-
1. Re: Some characters extracted from pdf hasn't corresponding unicode in its font
Test Screen Name Feb 10, 2014 12:53 AM (in response to baccah)Acrobat does not use Unicode to show the characters in a PDF, so this will always work. Unicode is a layer added during text extraction, and sometimes this will fail, either because there is no mapping defined in the PDF, or because the characters have no Unicode range.
-
2. Re: Some characters extracted from pdf hasn't corresponding unicode in its font
baccah Feb 10, 2014 1:32 AM (in response to Test Screen Name)Thanks for your reply, you told me that the acrobat do not use unicode to show the text,is this mean that the acrobat ignore the embeded fonts during the show text process?, if this is true so what is the use of the fonts inside the pdf. thanks in advance ,,,,,,,,,,,
-
3. Re: Some characters extracted from pdf hasn't corresponding unicode in its font
Test Screen Name Feb 10, 2014 1:43 AM (in response to baccah)No, Acrobat uses the embedded fonts. You can clearly see this on screen by using unusual fonts.

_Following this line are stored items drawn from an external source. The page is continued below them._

(* Let $G$ be a finite connected graph with maximal vertex degree $d$ and diameter $D$. For any sign $\sigma$ on $G$ such that $(G,\sigma)$ satisfies $CD^{\sigma}(K,\infty)$, we have \[ (D+1)\left\lceil\frac{D+1}{2}\right\rceil\geq\frac{1}{4d(2\lambda^{\sigma}-K)}, \] where $\lambda^\sigma$ is the first (smallest) nonzero eigenvalue of $\Delta^\sigma$. If $\lambda^\sigma$ is not simple or $(G,\sigma)$ is balanced, then moreover \[ D\left\lceil\frac{D}{2}\right\rceil\geq\frac{1}{4d(2\lambda^{\sigma}-K)}. \]
   Context: $G=(V,E)$ is a finite simple connected graph with degrees $d_x$; a sign is $\sigma:E\to\{\pm1\}$, $\sigma_{xy}=\sigma(\{x,y\})$; $(G,\sigma)$ is balanced if every cycle has sign product $+1$. Signed Laplacian $\Delta^{\sigma}f(x)=\frac{1}{d_x}\sum_{y\sim x}(\sigma_{xy}f(y)-f(x))$; $\Delta$ is the case $\sigma\equiv+1$; eigenvalues: $-\Delta^\sigma f=\lambda f$, $f\neq 0$. $\Gamma^{\sigma}(f,g)=\frac12\{\Delta(fg)-g\Delta^{\sigma}f-f\Delta^{\sigma}g\}$, $\Gamma_2^{\sigma}(f,g)=\frac12\{\Delta\Gamma^{\sigma}(f,g)-\Gamma^{\sigma}(g,\Delta^{\sigma}f)-\Gamma^{\sigma}(f,\Delta^{\sigma}g)\}$. $CD^{\sigma}(K,\infty)$ means $\Gamma_2^{\sigma}(f,f)(x)\ge K\Gamma^\sigma(f,f)(x)$ for all $f:V\to\mathbb{R}$, $x\in V$. $\lceil\cdot\rceil$ is the ceiling. *)

From HB Require Import structures.
From mathcomp Require Import all_boot all_order all_algebra.
From mathcomp Require Import reals.
Set Implicit Arguments. Unset Strict Implicit. Unset Printing Implicit Defensive.
Import Order.TTheory GRing.Theory Num.Theory.
Local Open Scope ring_scope.

(* A sign sigma is given as a function T -> T -> R, only its values on edges
   matter; it is required to be symmetric and {+1,-1}-valued on edges. *)

Section SignedGraph.
Variable R : realType.
Variable T : finType.
Variable e : rel T.

Definition simple_graph : Prop :=
  (forall x y, e x y = e y x) /\ (forall x, ~~ e x x).

Definition connected_graph : Prop := forall x y, connect e x y.

Definition is_sign (sigma : T -> T -> R) : Prop :=
  forall x y, e x y -> sigma x y = sigma y x /\ (sigma x y = 1 \/ sigma x y = -1).

Definition deg (x : T) : nat := #|[set y | e x y]|.

Definition maxdeg : nat := \max_(x : T) deg x.

Fixpoint within (n : nat) (x y : T) : bool :=
  if n is n'.+1 then within n' x y || [exists z, e x z && within n' z y]
  else x == y.

(* graph distance (for a connected graph the minimum is attained below #|T|) *)
Definition dist (x y : T) : nat :=
  \big[minn/#|T|]_(n < #|T| | within n x y) (n : nat).

Definition diam : nat := \max_(x : T) \max_(y : T) dist x y.

Definition slap (sigma : T -> T -> R) (f : T -> R) (x : T) : R :=
  (deg x)%:R^-1 * \sum_(y | e x y) (sigma x y * f y - f x).

Definition lap (f : T -> R) (x : T) : R := slap (fun _ _ => 1) f x.

Definition sGamma (sigma : T -> T -> R) (f g : T -> R) (x : T) : R :=
  2^-1 * (lap (fun z => f z * g z) x - g x * slap sigma f x - f x * slap sigma g x).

Unicode is not used, and not needed, to show embedded fonts on screen. Either Encoding or CMap are used to directly find characters in the font. The PDF specification has full details.
.
-
4. Re: Some characters extracted from pdf hasn't corresponding unicode in its font
baccah Feb 10, 2014 2:05 AM (in response to Test Screen Name)Ok, now character has no unicode inside pdf or inside font(as shown in image), how can I get this character outside the PDF?
-
5. Re: Some characters extracted from pdf hasn't corresponding unicode in its font
Test Screen Name Feb 10, 2014 2:23 AM (in response to baccah)You cannot. Probably. Many PDF files do not permit accurate text extraction.

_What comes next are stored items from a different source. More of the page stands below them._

(* Let $n\ge 2$ and $F_n=\langle x_1,\dots,x_n\rangle$. Let $S=\{x_jx_ix_j^{-1},\ x_j^{-1}x_ix_j : i,j\in\{1,\dots,n\},\ i\ne j\}$ (a set of $2n(n-1)$ elements), let $G=\langle S\rangle$, and for each $s\in S$ let $G_s=\langle S\setminus\{s\}\rangle$. Then the coset incidence system $\Gamma=\Gamma(G;(G_s)_{s\in S})$ is a residually connected and flag-transitive geometry. Moreover, the group $K=\langle\phi_1,\phi_\rho,\phi_\tau\rangle\le\mathrm{Aut}(F_n)$, where $\phi_1(x_1,\dots,x_n)=(x_1^{-1},x_2,\dots,x_n)$, $\phi_\rho(x_1,\dots,x_n)=(x_2,\dots,x_n,x_1)$ and $\phi_\tau(x_1,\dots,x_n)=(x_2,x_1,x_3,\dots,x_n)$ (so $K\cong C_2^n\rtimes\mathrm{Sym}(n)$), acts on $\Gamma$ as a group of correlations: each $\phi\in K$ satisfies $\phi(G)=G$, permutes the subgroups $G_s$, and induces the correlation $G_sg\mapsto \phi(G_s)\phi(g)$ of $\Gamma$.
   Context: An incidence system is a quadruple $\Gamma=(X,*,t,I)$ with $X$ a set, $I$ a finite type set, $t:X\to I$ surjective, and $*$ a symmetric relation with no two elements of the same type incident. A flag is a set of pairwise incident elements; a chamber is a flag containing an element of each type; $\Gamma$ is a geometry if every flag is contained in a chamber. The residue of a flag $F$ is the incidence system (induced types and incidence) of elements not in $F$ incident with all elements of $F$. A geometry is residually connected if the incidence graph of every residue of rank at least two is connected (the residue of the empty flag is $\Gamma$ itself). A correlation of $\Gamma$ is a permutation $\alpha$ of $X$ with $t(x)=t(y)\iff t(\alpha x)=t(\alpha y)$ and $x*y\iff \alpha x*\alpha y$. Coset incidence system: for a group $G$ with subgroups $(G_i)_{i\in I}$, $\Gamma(G;(G_i)_{i\in I})$ has elements the right cosets $G_ig$, type $t(G_ig)=i$, and $G_ig_1*G_jg_2$ iff $G_ig_1\cap G_jg_2\ne\emptyset$; $G$ acts by right multiplication. It is flag-transitive if $G$ is transitive on the flags of type $J$ for every $J\subseteq I$. *)

From mathcomp Require Import all_boot.
From mathcomp Require Import perm.
From Stdlib Require Import Relation_Operators.

Set Implicit Arguments.
Unset Strict Implicit.
Unset Printing Implicit Defensive.

(* Generator x_{i+1} is the letter (i, false); its inverse is (i, true).     *)

Definition letter (n : nat) := ('I_n * bool)%type.

Definition flip n (a : letter n) : letter n := (a.1, ~~ a.2).

Definition reduced n (w : seq (letter n)) : bool :=
  sorted (fun a b => b != flip a) w.

Definition push n (a : letter n) (s : seq (letter n)) : seq (letter n) :=
  if s is b :: s' then (if b == flip a then s' else a :: s) else [:: a].

Definition reduce n (w : seq (letter n)) : seq (letter n) := foldr (@push n) [::] w.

A simple test is to see if Acrobat can extract text accurately. Acrobat has 20 years of development in this area, so if it cannot get the text, it is probably the case that you cannot either.
-
6. Re: Some characters extracted from pdf hasn't corresponding unicode in its font
baccah Feb 10, 2014 3:10 AM (in response to Test Screen Name)How can I test that Acrobat extract text accurately or not?
-
7. Re: Some characters extracted from pdf hasn't corresponding unicode in its font
Test Screen Name Feb 10, 2014 3:15 AM (in response to baccah)1. Extract text using Acrobat
2. Look at it or analyse it.
Sorry, I know that seems an unhelpful answer but I don't understand what else you can mean.
-
8. Re: Some characters extracted from pdf hasn't corresponding unicode in its font
baccah Feb 10, 2014 3:24 AM (in response to Test Screen Name)Never mind, Is it free operation?
-
9. Re: Some characters extracted from pdf hasn't corresponding unicode in its font
Test Screen Name Feb 10, 2014 3:34 AM (in response to baccah)No, Acrobat is not free, but you can do the same test with the free Adobe Reader, using Copy/Paste to extract text.